*Task item*. Only one stretch of the data below is wanted: the lines from the one with "T t /\ (t <> 0%N" through the one with "move=> lt_tm.", repeated exactly.

*Records to use*.
(* Let $S_A>0$, $c_{\mathrm{TX}}>0$, $\phi>0$, $\theta=\phi/c_{\mathrm{TX}}$, let $B\geq 1$ be an integer, and let $\lambda$ satisfy $$0<\lambda\leq \lambda_{\mathrm{th}}\triangleq\frac{1}{\left(\sqrt{1+1/S_A}+\sqrt{\theta}\right)^2}.$$ Define $v_{\mathrm{th}}(\lambda,-1)\triangleq 0$, $t^*\triangleq\left\lceil\sqrt{\frac{1}{\lambda S_A}+\frac{1}{4}}-\frac{3}{2}\right\rceil$, and for integers $0\leq t\leq t^*$, $$v_{\mathrm{th}}(\lambda,t)\triangleq \frac{\sqrt{\lambda\theta}+\lambda\left(t+\frac{1}{2}\right)}{1-\lambda (t+1)tS_A}+\frac{\sqrt{\lambda}\sqrt{\sqrt{\lambda\theta}(2t+1)+\lambda \theta(t+1)tS_A+\frac{\lambda}{4}+\frac{1}{S_A}}}{1-\lambda(t+1)tS_A}.$$ Let $V_k\in(0,1]$ and let $(t^{(MP)}(V_k),S_M^{(MP)}(V_k))$ denote the myopic policy, i.e. a (possibly randomized among minimizers) minimizer over $t\in\{0,1,\dots,B\}$, $S_M\geq 0$ of $$F(t,S_M)=\hat\nu\left(V_k,\frac{tS_AS_M}{S_A+S_M}\right)+\lambda t(1+\theta S_M),\qquad \hat\nu(V,\Lambda)=\frac{V}{1+V\Lambda}.$$ Then: (i) if $V_k>v_{\mathrm{th}}(\lambda,t^* )$, then $t^{(MP)}(V_k)=\min\{t^*+1,B\}$; (ii) if $V_k=v_{\mathrm{th}}(\lambda,\hat t)$ for some $\hat t\in\{0,1,\dots,t^*\}$, then $t^{(MP)}(V_k)=\min\{\hat t+1,B\}$ with probability $p_{\hat t}$ and $t^{(MP)}(V_k)=\min\{\hat t,B\}$ otherwise, for some $p_{\hat t}\in[0,1]$ (both values minimize $F$); (iii) otherwise, $t^{(MP)}(V_k)=\min\{\hat t,B\}$, where $\hat t$ is the unique element of $\{0,1,\dots,t^*\}$ with $v_{\mathrm{th}}(\lambda,\hat t-1)<V_k<v_{\mathrm{th}}(\lambda,\hat t)$; (iv) in all cases, $$S_M^{(MP)}(V_k)=\left(\frac{1}{\sqrt{\lambda\theta}}-\frac{1}{V_k}\right)^+\frac{S_AV_k}{1+t^{(MP)}(V_k)S_AV_k}.$$
   Context: Model: a fusion center estimates a scalar Gaussian process; $V_k$ is the prior variance of the state at slot $k$. In the coordinated scheme (all sensors in the best accuracy state), the fusion center activates $t$ sensors, each measuring with local measurement SNR $S_M$; the aggregate SNR collected is $tS_AS_M/(S_A+S_M)$, where $S_A$ is the ambient SNR; the resulting posterior variance is $\hat\nu(V_k,\Lambda)=V_k/(1+V_k\Lambda)$. Each active sensor incurs cost $c_{\mathrm{TX}}+\phi S_M$; $\lambda\geq 0$ is a Lagrange multiplier, and the normalized cost of $t$ active sensors is $\lambda t(1+\theta S_M)$. $(x)^+=\max\{x,0\}$ and $\lceil\cdot\rceil$ is the ceiling. *)

From HB Require Import structures.
From mathcomp Require Import all_boot all_order all_algebra.
From mathcomp Require Import reals.
Set Implicit Arguments. Unset Strict Implicit. Unset Printing Implicit Defensive.
Import Order.TTheory GRing.Theory Num.Theory.
Local Open Scope ring_scope.

Section Defs.
Variable R : realType.

Definition nuhat (V Lam : R) : R := V / (1 + V * Lam).

Definition aggSNR (SA : R) (t : nat) (s : R) : R := t%:R * SA * s / (SA + s).

Definition Fobj (lam theta SA V : R) (t : nat) (s : R) : R :=
  nuhat V (aggSNR SA t s) + lam * t%:R * (1 + theta * s).

Definition is_myopic_min (lam theta SA V : R) (B : nat) (t : nat) (s : R) : Prop :=
  (t <= B)%N /\ 0 <= s /\
  forall (t' : nat) (s' : R), (t' <= B)%N -> 0 <= s' ->
    Fobj lam theta SA V t s <= Fobj lam theta SA V t' s'.

Definition lam_th (theta SA : R) : R :=
  1 / (Num.sqrt (1 + 1 / SA) + Num.sqrt theta) ^+ 2.

Definition tstar (lam SA : R) : int :=
  Num.ceil (Num.sqrt (1 / (lam * SA) + 1 / 4) - 3 / 2).

Definition vth (lam theta SA : R) (t : int) : R :=
  if t < 0 then 0 else
  let tr : R := t%:~R in
  let den := 1 - lam * (tr + 1) * tr * SA in
  (Num.sqrt (lam * theta) + lam * (tr + 1 / 2)) / den
  + Num.sqrt lam *
      Num.sqrt (Num.sqrt (lam * theta) * (2 * tr + 1)
                + lam * theta * (tr + 1) * tr * SA + lam / 4 + 1 / SA) / den.

Definition SMopt (lam theta SA V : R) (t : nat) : R :=
  Num.max 0 (1 / Num.sqrt (lam * theta) - 1 / V) * (SA * V / (1 + t%:R * SA * V)).

(* The set of myopic decisions is exactly {(t, SMopt t) : T t}, up to the
   fact that for t = 0 the value of S_M is irrelevant to F. *)
Definition myopic_char (lam theta SA V : R) (B : nat) (T : nat -> Prop) : Prop :=
  (forall (t : nat) (s : R), is_myopic_min lam theta SA V B t s ->
      T t /\ (t <> 0%N -> s = SMopt lam theta SA V t)) /\
  (forall t : nat, T t -> is_myopic_min lam theta SA V B t (SMopt lam theta SA V t)).

End Defs.

(* Write theta = k^2/lam, so that k = sqrt(lam theta).  For fixed t, F(t, .) is minimised by
   completing the square: its minimum Fmin t is attained exactly at S_M^(MP) (anywhere when t = 0).
   The marginal gain Fmin t - Fmin (t+1) of one more sensor is -lam when V < k and
   (V-k)^2 S_A / ((1 + t S_A V)(1 + (t+1) S_A V)) - lam otherwise, so it is nonincreasing in t,
   strictly when V > k.  It is negative beyond t^*, where lam t (t+1) S_A >= 1, and for t <= t^*
   clearing denominators turns it into a quadratic in V whose larger root is v_th(lam, t) and whose
   smaller root lies below k; hence its sign is that of V - v_th(lam, t).  Thus Fmin decreases
   strictly up to the first t with a negative gain and increases strictly afterwards, with one flat
   step when some gain vanishes, and its minimisers over {0, ..., B} are read off from the position
   of V among the thresholds. *)

From HB Require Import structures.
From mathcomp Require Import all_boot all_order all_algebra.
From mathcomp Require Import reals.
From mathcomp Require Import zify ring lra.
Set Implicit Arguments. Unset Strict Implicit. Unset Printing Implicit Defensive.
Import Order.TTheory GRing.Theory Num.Theory.
Local Open Scope ring_scope.

Definition argmin_upto (R : realDomainType) (G : nat -> R) (B t : nat) : Prop :=
  (t <= B)%N /\ forall t', (t' <= B)%N -> G t <= G t'.

Section Valley.
Variables (R : realDomainType) (G : nat -> R) (a b B : nat).
Hypotheses (le_ab : (a <= b)%N)
  (G_dec : forall i, (i < a)%N -> G i.+1 < G i)
  (G_flat : forall i, (a <= i < b)%N -> G i.+1 = G i)
  (G_inc : forall i, (b <= i)%N -> G i < G i.+1).

Let m := minn a B.
Let M := minn b B.

Lemma valley_left t : (t < m)%N -> G m < G t.
Proof.
move=> lt_tm.
have le_a : {in [pred i | i <= a]%N &, forall i j, (i < j)%N -> G j < G i}.
  apply: (homo_ltn_in (r := fun x y => y < x)) => [y x z /= ? ?||i].
  - exact: (@lt_trans _ _ y).
  - by move=> i j /[!inE] ? ? k; rewrite inE; lia.
  - by rewrite !inE => _; exact: G_dec.
by apply: le_a; rewrite ?inE //; lia.
Qed.

Lemma valley_floor t : (m <= t <= M)%N -> G t = G m.
Proof.
rewrite /m /M; case: (leqP a B) => [le_aB|lt_Ba] mtM; last by have -> : t = B by lia.
elim: t mtM => [|t IH]; first by case/andP; rewrite leqn0 => /eqP ->.
rewrite leq_eqVlt => /andP[/orP[/eqP <- //|le_at le_tM]].
by rewrite G_flat ?IH //; lia.
Qed.

Lemma valley_right t : (M < t <= B)%N -> G m < G t.
Proof.
move=> tB.
have lt_bB : (b < B)%N by rewrite /M in tB; lia.
have -> : G m = G b by rewrite -(@valley_floor b) // /m /M; lia.
have ge_b : {in [pred i | b <= i]%N &, forall i j, (i < j)%N -> G i < G j}.
  apply: (homo_ltn_in (r := fun x y => x < y)) => [y x z /=||i].
  - exact: lt_trans.
  - by move=> i j /[!inE] ? ? k; rewrite inE; lia.
  - by rewrite !inE => + _; exact: G_inc.
by apply: ge_b; rewrite ?inE //; rewrite /M in tB; lia.
Qed.

Lemma argmin_upto_valley t : argmin_upto G B t <-> (minn a B <= t <= minn b B)%N.
Proof.
split=> [[le_tB G_min]|mtM].
  have G_m : G t <= G m by rewrite G_min // /m geq_minr.
  rewrite -/m -/M; apply/andP; split; rewrite leqNgt; apply/negP.
    by move=> /valley_left; rewrite ltNge G_m.
  by move=> lt_Mt; have := @valley_right t; rewrite lt_Mt le_tB ltNge G_m => /(_ isT).
split; first by rewrite /M in mtM; lia.
move=> t' le_t'B; rewrite (@valley_floor t mtM).
case: (ltnP t' m) => [/valley_left/ltW //|le_mt'].
case: (leqP t' M) => [le_t'M|lt_Mt']; first by rewrite (@valley_floor t') ?le_mt'.
by apply/ltW/valley_right; rewrite lt_Mt'.
Qed.

End Valley.

Lemma le_tstar (R : realType) (lam SA : R) (t : nat) : 0 < lam -> 0 < SA ->
  (t%:Z <= tstar lam SA) = (lam * (t%:R + 1) * t%:R * SA < 1).
Proof.
move=> lam_gt0 SA_gt0.
have lamSA_gt0 : 0 < lam * SA by rewrite mulr_gt0.
rewrite /tstar -ltzD1 -ltrBlDr ceil_gt_int intrB /=.
set s := Num.sqrt _.
rewrite pmulrn mulr1z.
have -> : (t%:R - 1 < s - 3 / 2) = (t%:R + 1 / 2 < s).
  by rewrite -subr_gt0 -[RHS]subr_gt0 (_ : s - 3 / 2 - (t%:R - 1) = s - (t%:R + 1 / 2)) //; field.
rewrite -[X in X < _]ger0_norm ?addr_ge0 ?divr_ge0 // -sqrtr_sqr ltr_sqrt; last first.
  by rewrite addr_gt0 ?divr_gt0.
rewrite -subr_gt0 -[X in _ = X]subr_gt0.
have -> : 1 / (lam * SA) + 1 / 4 - (t%:R + 1 / 2) ^+ 2 =
          (1 - lam * (t%:R + 1) * t%:R * SA) / (lam * SA).
  by field; rewrite !gt_eqF.
by rewrite pmulr_lgt0 ?invr_gt0.
Qed.

Lemma tstar_ge0 (R : realType) (lam SA : R) : 0 < lam -> 0 < SA -> 0 <= tstar lam SA.
Proof. by move=> lam_gt0 SA_gt0; rewrite (@le_tstar _ _ _ 0) // mulr0 mul0r ltr01. Qed.

Lemma vth_pred (R : realType) (lam theta SA : R) (th : nat) :
  vth lam theta SA (th%:Z - 1) = if th is s.+1 then vth lam theta SA s%:Z else 0.
Proof. by case: th => // s; rewrite intS addrC addKr. Qed.

Section Myopic.
Variables (R : realType) (lam SA k V : R).
Hypotheses (lam_gt0 : 0 < lam) (SA_gt0 : 0 < SA) (k_gt0 : 0 < k) (V_gt0 : 0 < V).

Local Notation theta := (k ^+ 2 / lam).
Local Notation c t := (1 + t%:R * SA * V).
Local Notation v t := (vth lam theta SA t%:Z).
(* v t = (qb t + qr t) / qa t is the larger root of qa t * y^2 - 2 qb t * y + qc, as
   qr t ^ 2 = qb t ^ 2 - qa t * qc. *)
Local Notation qa t := (1 - lam * (t%:R + 1) * t%:R * SA).
Local Notation qb t := (k + lam * (t%:R + 1 / 2)).
Local Notation qc := (k ^+ 2 - lam / SA).
Local Notation qr t := (Num.sqrt lam * Num.sqrt (k * (2 * t%:R + 1)
  + k ^+ 2 * (t%:R + 1) * t%:R * SA + lam / 4 + 1 / SA)).

Let lam_ge0 : 0 <= lam := ltW lam_gt0.
Let SA_ge0 : 0 <= SA := ltW SA_gt0.
Let V_ge0 : 0 <= V := ltW V_gt0.
Let k_ge0 : 0 <= k := ltW k_gt0.

Let c_gt0 (t : nat) : 0 < c t.
Proof. by rewrite ltr_pwDl // !mulr_ge0 // ltW. Qed.

Let c_lt (i j : nat) : (i < j)%N -> c i < c j.
Proof. by move=> lt_ij; rewrite ltrD2l !ltr_pM2r // ltr_nat. Qed.

Let c_prod_lt (t : nat) : c t * c t.+1 < c t.+1 * c t.+2.
Proof. by rewrite mulrC ltr_pM2l ?c_lt. Qed.

Let lam_theta : lam * theta = k ^+ 2.
Proof. by rewrite mulrC divfK ?gt_eqF. Qed.

Let sqrt_lam_theta : Num.sqrt (lam * theta) = k.
Proof. by rewrite lam_theta sqrtr_sqr gtr0_norm. Qed.

Definition Fmin (t : nat) : R :=
  if k <= V then 2 * k - k ^+ 2 / V + (V - k) ^+ 2 / (V * c t) + lam * t%:R
  else V + lam * t%:R.

Lemma SMoptE (t : nat) :
  SMopt lam theta SA V t = if k <= V then (V - k) * SA / (k * c t) else 0.
Proof.
rewrite /SMopt sqrt_lam_theta.
have -> : 1 / k - 1 / V = (V - k) / (k * V) by field; rewrite !gt_eqF.
case: ifP => [le_kV|/negbT]; last first.
  by rewrite -ltNge -subr_lt0 => lt_Vk; rewrite max_l ?mul0r // ltW ?pmulr_llt0 ?invr_gt0 ?mulr_gt0.
rewrite max_r; last by rewrite divr_ge0 ?subr_ge0 // mulr_ge0 ?ltW.
by field; rewrite !gt_eqF.
Qed.

Lemma SMopt_ge0 (t : nat) : 0 <= SMopt lam theta SA V t.
Proof.
rewrite SMoptE; case: ifP => // le_kV.
by rewrite divr_ge0 ?mulr_ge0 ?subr_ge0 // ltW.
Qed.

Lemma Fobj_excess (t : nat) (s : R) : 0 <= s ->
  exists2 e, 0 <= e &
    Fobj lam theta SA V t s = Fmin t + t%:R * e /\
    (e = 0 <-> s = SMopt lam theta SA V t).
Proof.
move=> s_ge0; set w := SA + s * c t.
have w_gt0 : 0 < w by rewrite ltr_wpDr // mulr_ge0 // ltW.
have FobjE : Fobj lam theta SA V t s =
    V * (SA + s) / w + k ^+ 2 * t%:R * s + lam * t%:R.
  have SAs_gt0 : 0 < SA + s by rewrite ltr_wpDr.
  rewrite /Fobj /nuhat /aggSNR.
  have -> : 1 + V * (t%:R * SA * s / (SA + s)) = w / (SA + s).
    by rewrite /w; field; rewrite gt_eqF.
  by field; rewrite !gt_eqF.
rewrite FobjE SMoptE /Fmin; case: ifP => [le_kV|/negbT]; last first.
  rewrite -ltNge => lt_Vk.
  have pos : 0 < (k ^+ 2 * w - SA * V ^+ 2) / w.
    have V2_lt : V ^+ 2 < k ^+ 2 by rewrite !expr2 ltr_pM ?ltW.
    have h1 := mulr_ge0 (mulr_ge0 s_ge0 (ltW (c_gt0 t))) (sqr_ge0 k).
    have h2 : 0 < SA * (k ^+ 2 - V ^+ 2) by rewrite mulr_gt0 // subr_gt0.
    by rewrite divr_gt0 // subr_gt0 /w; lra.
  exists (s * ((k ^+ 2 * w - SA * V ^+ 2) / w)); first by rewrite mulr_ge0 // ltW.
  split; first by rewrite /w; field; rewrite gt_eqF.
  by split=> [/eqP|->]; rewrite ?mul0r // mulf_eq0 (gt_eqF pos) orbF => /eqP.
pose s0 := (V - k) * SA / (k * c t).
exists ((k * c t * (s0 - s)) ^+ 2 / (w * c t)).
  by rewrite divr_ge0 ?sqr_ge0 ?mulr_ge0 ?ltW.
split; first by rewrite /w /s0; field; rewrite !gt_eqF.
split=> [/eqP|->]; last by rewrite subrr mulr0 expr0n mul0r.
rewrite mulf_eq0 invr_eq0 (gt_eqF (mulr_gt0 w_gt0 (c_gt0 t))) orbF sqrf_eq0.
by rewrite !mulf_eq0 (gt_eqF k_gt0) (gt_eqF (c_gt0 t)) subr_eq0 => /eqP <-.
Qed.

Lemma Fmin_le_Fobj (t : nat) (s : R) : 0 <= s -> Fmin t <= Fobj lam theta SA V t s.
Proof.
move=> /(Fobj_excess t) [e e_ge0 [-> _]].
by rewrite lerDl mulr_ge0.
Qed.

Lemma Fobj_SMopt (t : nat) : Fobj lam theta SA V t (SMopt lam theta SA V t) = Fmin t.
Proof.
have [e _ [-> /iffRL ->]] := Fobj_excess t (SMopt_ge0 t) => //.
by rewrite mulr0 addr0.
Qed.

Lemma Fobj_eq_Fmin (t : nat) (s : R) : 0 <= s -> t <> 0%N ->
  Fobj lam theta SA V t s = Fmin t -> s = SMopt lam theta SA V t.
Proof.
move=> /(Fobj_excess t) [e _ [-> /iffLR e0]] t_neq0 /eqP.
by rewrite addrC -subr_eq0 addrK mulf_eq0 pnatr_eq0 => /orP[/eqP/t_neq0|/eqP/e0].
Qed.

*Answer to the problem*.
      T t /\ (t <> 0%N -> s = SMopt lam theta SA V t)) /\
  (forall t : nat, T t -> is_myopic_min lam theta SA V B t (SMopt lam theta SA V t)).

End Defs.

(* Write theta = k^2/lam, so that k = sqrt(lam theta).  For fixed t, F(t, .) is minimised by
   completing the square: its minimum Fmin t is attained exactly at S_M^(MP) (anywhere when t = 0).
   The marginal gain Fmin t - Fmin (t+1) of one more sensor is -lam when V < k and
   (V-k)^2 S_A / ((1 + t S_A V)(1 + (t+1) S_A V)) - lam otherwise, so it is nonincreasing in t,
   strictly when V > k.  It is negative beyond t^*, where lam t (t+1) S_A >= 1, and for t <= t^*
   clearing denominators turns it into a quadratic in V whose larger root is v_th(lam, t) and whose
   smaller root lies below k; hence its sign is that of V - v_th(lam, t).  Thus Fmin decreases
   strictly up to the first t with a negative gain and increases strictly afterwards, with one flat
   step when some gain vanishes, and its minimisers over {0, ..., B} are read off from the position
   of V among the thresholds. *)

From HB Require Import structures.
From mathcomp Require Import all_boot all_order all_algebra.
From mathcomp Require Import reals.
From mathcomp Require Import zify ring lra.
Set Implicit Arguments. Unset Strict Implicit. Unset Printing Implicit Defensive.
Import Order.TTheory GRing.Theory Num.Theory.
Local Open Scope ring_scope.

Definition argmin_upto (R : realDomainType) (G : nat -> R) (B t : nat) : Prop :=
  (t <= B)%N /\ forall t', (t' <= B)%N -> G t <= G t'.

Section Valley.
Variables (R : realDomainType) (G : nat -> R) (a b B : nat).
Hypotheses (le_ab : (a <= b)%N)
  (G_dec : forall i, (i < a)%N -> G i.+1 < G i)
  (G_flat : forall i, (a <= i < b)%N -> G i.+1 = G i)
  (G_inc : forall i, (b <= i)%N -> G i < G i.+1).

Let m := minn a B.
Let M := minn b B.

Lemma valley_left t : (t < m)%N -> G m < G t.
Proof.
move=> lt_tm.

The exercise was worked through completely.